__getattr__ Confusion

Discussion in 'Python' started by Saul Spatz, Feb 4, 2013.

  1. Saul Spatz

    Saul Spatz Guest

    To the good people on comp.lang.python:

    I have the following Tkinter class (python 2.7.3):

    from Tkinter import *

    class ScrolledCanvas(Frame):
    def __init__(self, master, width, height, bg, cursor):
    Frame.__init__(self, master)
    self.__nonzero__ = lambda: True
    canv = self.canvas = Canvas(self, bg=bg, relief=SUNKEN)
    # self.__getattr__ = lambda x, name: getattr(self.canvas, name)
    canv.config(width=width, height=height) # display area size
    canv.config(scrollregion=(0, 0, width, height)) # canvas size corners
    canv.config(highlightthickness=0) # no pixels to border

    ybar = Scrollbar(self)
    ybar.config(command=canv.yview) # xlink sbar and canv
    canv.config(yscrollcommand=ybar.set) # move one moves other

    xbar = Scrollbar(self)
    xbar.config(command=canv.xview) # xlink sbar and canv
    canv.config(xscrollcommand=xbar.set) # move one moves other

    canv.grid(row = 0, column = 0, sticky = 'news')
    ybar.grid(row = 0, column = 1, sticky = 'ns')
    xbar.grid(row = 1, column = 0, sticky = 'ew')
    self.rowconfigure(0, weight = 1)
    self.columnconfigure(0, weight = 1)

    self.create_text(20, 20, text = 'Did it!', fill = 'red')

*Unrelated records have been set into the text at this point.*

(** The inequality holds for every realisation.  Let H be the graph on \tilde I_n whose edges are the pairs
   u ~m v; then Y_n = |\tilde I_n|, M_n is its number of edges, and Z_n its
   number of connected components, each collapsed onto its lexicographically
   least vertex.  Joining every other vertex to a parent closer to that least
   vertex gives a spanning forest, whence Y_n - Z_n <= M_n.  Conversely, an
   edge of H inside \tilde J^(2)_n either extends, through another neighbour
   of one endpoint, to a path counted by \tilde L_n, or it is an isolated
   edge, a whole component whose non-least vertex it can be charged to; both
   assignments are injective, whence \tilde M_n <= \tilde L_n + Y_n - Z_n. *)

Lemma lexltxx s : lexlt s s = false.
Proof. by elim: s => //= x s ->; rewrite ltnn eqxx. Qed.

Lemma lexlt_trans s t u : lexlt s t -> lexlt t u -> lexlt s u.
Proof.
elim: s t u => [|x s IH] [|y t] [|z u] //=.
case/orP=> [xy|/andP[/eqP <- st]]; case/orP=> [yz|/andP[/eqP <- tu]].
- by rewrite (ltn_trans xy yz).
- by rewrite xy.
- by rewrite yz.
- by rewrite eqxx (IH _ _ st tu) orbT.
Qed.

Lemma lexlt_asym s t : lexlt s t -> lexlt t s = false.
Proof. by move=> st; apply/negP=> /(lexlt_trans st); rewrite lexltxx. Qed.

Lemma lexlt_total s t : s != t -> lexlt s t || lexlt t s.
Proof.
elim: s t => [|x s IH] [|y t] //=.
case: (ltngtP x y) => //= <- st; apply: IH; apply: contra st => /eqP -> //.
Qed.

Lemma mem_foldr_lexmin a s : foldr lexmin a s \in a :: s.
Proof.
elim: s => [|x s IH] /=; first exact: mem_head.
rewrite /lexmin; case: ifP => _; last by rewrite !inE eqxx orbT.
by move: IH; rewrite !inE => /orP[] ->; rewrite ?orbT.
Qed.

    def __getattr__(self, name):
    return getattr(self.canvas, name)

    root = Tk()
    app = ScrolledCanvas(root, 400, 300, 'white', 'hand2')
    app.pack()
    root.mainloop()

    I just added the __getattr__ method, and the program crashed in the Canvas constructor. There is apparently a call to self.__nonzero__ somewhere in Tkinter.py, and since the constructor hasn't exited yet, sel.fcanvas isn't defined yet, so __getattr__ recurses indefinitely.

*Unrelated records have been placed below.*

Lemma ip_Tdc_gmul (g h : Gdc k) x y :
  ip (Tdc q A Aadj (gmul (ginv h) g) x) y =
  kentry k id (fun l => g.2 l) (fun l => h.2 l) (qcoef g *: x) (qcoef h *: y).
Proof.
rewrite /kentry Tdc_Tpre ipZl (linopZ (linTpre _ _)) ipZl ipZr !mulrA.
congr (_ * ip _ _); last first.
  by apply: eq_Tpre => l _; rewrite !ffunE addrC.
rewrite /kphase prod_ltpair qcoef_conj /qcoef -!big_split; apply: eq_bigr => p _ /=.
by rewrite !ffunE -!expfzDr ?q_neq0 ?(valP p) //; congr (_ ^ _); ring.
Qed.

Lemma Tpre_adjoint j m : (j <= k)%N -> forall x y,
  ip (Tpre j m x) y =
  \prod_(l < k | (l < j)%N) cphase l (fun i => - m i) (- m l) *
    ip x (Tpre j (fun l => - m l) y).
Proof.
elim: j => [|j IHj] jk x y; first by rewrite !Tpre0 -big_pre pre0 big_nil mul1r.
pose jo := Ordinal jk; rewrite -[j.+1]/(jo.+1 : nat) prod_ltS.
have E : T jo (- m jo) (Tpre jo (fun l => - m l) y) =
    cphase jo (fun l => - m l) (m jo) *: Tpre jo.+1 (fun l => - m l) y.
  by rewrite Tpre_S Tpre_T_commute scalerA -cphaseD addrN cphase0 scale1r.
by rewrite Tpre_S (IHj (ltnW jk)) adjT E ipZr cphase_conj mulrA.
Qed.

Lemma Tdc_adjoint g : is_adjoint ip (Tdc q A Aadj g) (Tdc q A Aadj (ginv g)).
Proof.
move=> x y; rewrite !Tdc_Tpre ipZl ipZr (Tpre_adjoint _ (leqnn k)) !mulrA.
rewrite (@eq_Tpre k _ (fun l => (ginv g).2 l)) => [|l _]; last by rewrite ffunE.
congr (_ * _); rewrite /cphase (prod_ltpair (fun i l => q i l ^ (- g.2 i * - g.2 l))).
rewrite qcoef_conj /qcoef -big_split; apply: eq_bigr => p _ /=.
by rewrite !ffunE -expfzDr ?q_neq0 ?(valP p) //; congr (_ ^ _); ring.
Qed.

Lemma kernel_pos_k_posdef : kernel_pos k -> posdef_Gdc ip (Tdc q A Aadj).
Proof.
move=> Kk; split=> [|S h _]; first exact: Tdc_adjoint.
have set0k l : l \in (set0 : {set 'I_k}) -> (k <= l)%N by rewrite in_set0.
have := Kk set0 set0k _ S (fun s l => s.2 l) (fun s => qcoef s *: h s).
congr (0 <= _); apply: eq_bigr => s _; apply: eq_bigr => t _.
by rewrite ip_Tdc_gmul /kentry defect0.
Qed.

Lemma posdef_kernel_pos_k : posdef_Gdc ip (Tdc q A Aadj) -> kernel_pos k.
Proof.
move=> [_ posT] u uk I S m g.
have -> : u = set0.
  by apply/setP => l; rewrite in_set0; apply/negP => /uk; rewrite leqNgt ltn_ord.
pose fm s : {ffun 'I_k -> int} := finfun (m s).
pose S0 := [seq ([ffun=> 0], n) : Gdc k | n <- undup [seq fm s | s <- S]].
pose h (x : Gdc k) : H := \sum_(s <- S | fm s == x.2) g s.
have uS0 : uniq S0 by rewrite map_inj_uniq ?undup_uniq // => n1 n2 [].
have entry a b : ip (Tdc q A Aadj (gmul (ginv ([ffun=> 0], b)) ([ffun=> 0], a)) (h ([ffun=> 0], a)))
    (h ([ffun=> 0], b)) = \sum_(s <- S | fm s == a) \sum_(t <- S | fm t == b)
    kentry k (defect set0) (m s) (m t) (g s) (g t).
  rewrite ip_Tdc_gmul !qcoef_pure !scale1r /kentry /h (linop_sum (linTpre _ _)) ip_suml.
  rewrite mulr_sumr; apply: eq_bigr => s /eqP <-; rewrite ip_sumr mulr_sumr.
  apply: eq_bigr => t /eqP <-; rewrite defect0; congr (_ * ip _ _).
    by apply: eq_kphase => l _; rewrite !ffunE.
  by apply: eq_Tpre => l _; rewrite !ffunE.
have := posT S0 h uS0; congr (0 <= _).
rewrite /S0 big_map; under eq_bigr => a _ do rewrite big_map.
under eq_bigr => a _ do under eq_bigr => b _ do rewrite entry.
under eq_bigr => a _ do rewrite exchange_big.
under eq_bigr => a _ do under eq_bigr => s _ do rewrite sum_fibers.
by rewrite sum_fibers.
Qed.

Lemma kernel_pos0_Brehmer : kernel_pos 0 <->
  forall (u : {set 'I_k}) (x : H), 0 <= \sum_(v : {set 'I_k} | v \subset u)
    (-1) ^+ #|v| * ip (Tdc q A Aadj (xe v) x) (Tdc q A Aadj (xe v) x).
Proof.
split=> [K0 u x|brehmer u _ I S m g].
  have := K0 u (fun l _ => leq0n l) _ [:: tt] (fun _ _ => 0) (fun _ => x).
  rewrite /kernel_form !big_seq1 /kentry kphase0 Tpre0 mul1r ip_defect.
  by under eq_bigr => v _ do rewrite -!Tdc_xe.
have -> : kernel_form 0 (defect u) S m g = ip (defect u (\sum_(s <- S) g s)) (\sum_(s <- S) g s).
  rewrite (linop_sum (lin_defect u)) ip_suml; apply: eq_bigr => s _.
  by rewrite ip_sumr; apply: eq_bigr => t _; rewrite /kentry kphase0 Tpre0 mul1r.
by rewrite ip_defect; under eq_bigr => v _ do rewrite -!Tdc_xe.
Qed.

Lemma kernel_pos0E j : (j <= k)%N -> kernel_pos 0 <-> kernel_pos j.
Proof.
elim: j => [//|j IHj] jk; apply: iff_trans (IHj (ltnW jk)) _.
by split; [apply: (@kernel_pos_S (Ordinal jk)) | apply: (@kernel_pos_pred (Ordinal jk))].
Qed.

Lemma posdef_Gdc_iff_Brehmer : posdef_Gdc ip (Tdc q A Aadj) <->
  forall (u : {set 'I_k}) (x : H), 0 <= \sum_(v : {set 'I_k} | v \subset u)
    (-1) ^+ #|v| * ip (Tdc q A Aadj (xe v) x) (Tdc q A Aadj (xe v) x).
Proof.
apply: iff_trans kernel_pos0_Brehmer; apply: iff_trans (iff_sym (kernel_pos0E (leqnn k))).
by split; [apply: posdef_kernel_pos_k | apply: kernel_pos_k_posdef].
Qed.

End QCommutingTuple.
End InnerProductSpace.

Unset Implicit Arguments.

Theorem theorem3p2 (R : realType) (H : lmodType R[i]) (ip : H -> H -> R[i])
  (k : nat) (A Aadj : 'I_k -> H -> H) (q : 'I_k -> 'I_k -> R[i]) :
  is_hilbert ip ->
  (forall l, is_linear_op (A l)) ->
  (forall l, is_linear_op (Aadj l)) ->
  (forall l, is_adjoint ip (A l) (Aadj l)) ->
  (forall l, is_contraction ip (A l)) ->
  (forall i j : 'I_k, (i < j)%N -> `|q i j| = 1) ->
  (forall i j : 'I_k, (i < j)%N -> forall x : H,
      A i (A j x) = q i j *: A j (A i x) /\
      A i (Aadj j x) = (q i j)^* *: Aadj j (A i x)) ->
  (posdef_Gdc ip (Tdc q A Aadj) <->
   forall u : {set 'I_k}, forall x : H,
     0 <= \sum_(v : {set 'I_k} | v \subset u)
            (-1) ^+ #|v| * ip (Tdc q A Aadj (xe v) x) (Tdc q A Aadj (xe v) x)).
Proof.
move=> ipH linA linAadj adjA _ q_norm1 q_commute.
exact (posdef_Gdc_iff_Brehmer ipH linA linAadj adjA q_norm1 q_commute).
Qed.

    I fixed this as you see, by defining self.__nonzero__ before the call to the constructor. Now, I have two questions:

    1. I originally defined self.__nonzero__ = lambda x: True, on the assumption that when self.__nonzero__ was called, the interpreter would pass self as an argument. Wrong. No arguments were passed. Why is this?

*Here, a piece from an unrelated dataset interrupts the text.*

(* Let $B_1,\dots,B_n$ be components with pairwise disjoint action sets and $\gamma$ a set of interactions over them. For each action $a\in\mathit{Act}(\gamma)$ let $k_a\ge0$ be a constant such that, in every execution of the component owning $a$, any two consecutive executions of $a$ are separated by at least $k_a$ time units. Let $\mathit{CI}(B_i^h)$ be the component invariants and $\mathit{II}(\gamma)$ the interaction invariant. Then $\Phi=\exists\mathcal{H}_A\exists\mathcal{H}_\gamma.\big(\bigwedge_i\mathit{CI}(B_i^h)\wedge\mathit{II}(\gamma)\wedge\mathcal{E}^*(\gamma)\wedge\mathcal{S}(\gamma)\big)$ is an invariant of $\|_\gamma B_i$.
   Context: Components and semantics: a component is a timed automaton $B=(L,A,\mathcal{X},T,\mathsf{tpc},s_0)$ with locations $L$, actions $A$, clocks $\mathcal{X}$, edges $(l,(a,g,r),l')\in T$ (action, clock-constraint guard, reset set), time progress conditions $\mathsf{tpc}(l)$, initial configuration $s_0=(l_0,c_0)$. States $(l,\mathbf{v})$, $\mathbf{v}$ a valuation in $\mathbb{R}_{\ge0}$; time transitions $(l,\mathbf{v})\xrightarrow{\delta}(l,\mathbf{v}+\delta)$ if $\mathsf{tpc}(l)$ holds along $[0,\delta]$; discrete transitions $(l,\mathbf{v})\xrightarrow{a}(l',\mathbf{v}[r])$ if $(l,(a,g,r),l')\in T$, $\mathbf{v}\models g$, $\mathbf{v}[r]\models\mathsf{tpc}(l')$; initial states $(l_0,\mathbf{v}_0)$ with $\mathbf{v}_0\models c_0$. A state predicate is an invariant if it holds in every reachable state. Systems: for components $B_i$ with pairwise disjoint action sets $A_i$, an interaction is a nonempty $\alpha\subseteq\bigcup_iA_i$ with at most one action per component; $\mathit{Act}(\gamma)=\bigcup_{\alpha\in\gamma}\alpha$. $\|_\gamma B_i$ has locations $\times_iL_i$, clocks $\bigcup_i\mathcal{X}_i$, conjunction of tpc's and initial constraints, and for each $\alpha=\{a_i\}_{i\in I}\in\gamma$ and edges $(l_i,(a_i,g_i,r_i),l'_i)\in T_i$ ($i\in I$) a joint edge with guard $\bigwedge_{i\in I}g_i$, reset $\bigcup_{i\in I}r_i$, moving exactly the components in $I$. History clocks: $B^h$ adds fresh clocks $h_0$ and $h_a$ ($a\in A$), adds $h_a$ to the resets of each edge labelled $a$, initial constraint $c_0\wedge h_0=0\wedge\bigwedge_{a\in A}h_a>0$; $h_0$ is shared by all components and never reset nor tested; $\mathcal{H}_A$ is the set of $h_0$ and all $h_a$, $a\in\bigcup_iA_i$. Interaction history clocks $\mathcal{H}_\gamma=\{h_\alpha\mid\alpha\in\gamma\}$ (in the extended system they are reset exactly when $\alpha$ is executed). $\exists S$ quantifies over nonnegative reals. Invariants used: $\mathit{CI}(B^h)$ is the disjunction of $\mathit{at}(l)\wedge\zeta$ over all symbolic states $(l,\zeta)$ reachable in the (normalised) zone graph of $B^h$; it is an invariant of $B^h$. $\mathit{II}(\gamma)$ is a predicate over locations only which is an invariant of $\|_\gamma B_i$. Glue constraints: $\mathcal{E}^*(\gamma)=\bigwedge_{a\in\mathit{Act}(\gamma)}h_a=\min_{\alpha\in\gamma,\,a\in\alpha}h_\alpha$ and $\mathcal{S}(\gamma)=\bigwedge_{a\in\mathit{Act}(\gamma)}\bigwedge_{\alpha\ne\beta\in\gamma,\,a\in\alpha\cap\beta}|h_\alpha-h_\beta|\ge k_a$. *)

From Stdlib Require Import Reals List.
Import ListNotations.
Open Scope R_scope.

    2. I find this solution rather unsatisfactory, since there's a rather obscure line of code here. I tried eliminating the def of __gertattr__ and the definition of self.__nonzero__ and adding this line after the constructor:

    self.__getattr__= lambda name: getattr(self.canvas, name)

    This get through the constructor all right, but crashes with the message that a ScrolledCanvas object has no create_text attribute. (I've tried passing two arguments to the lambda, but it makes no difference.)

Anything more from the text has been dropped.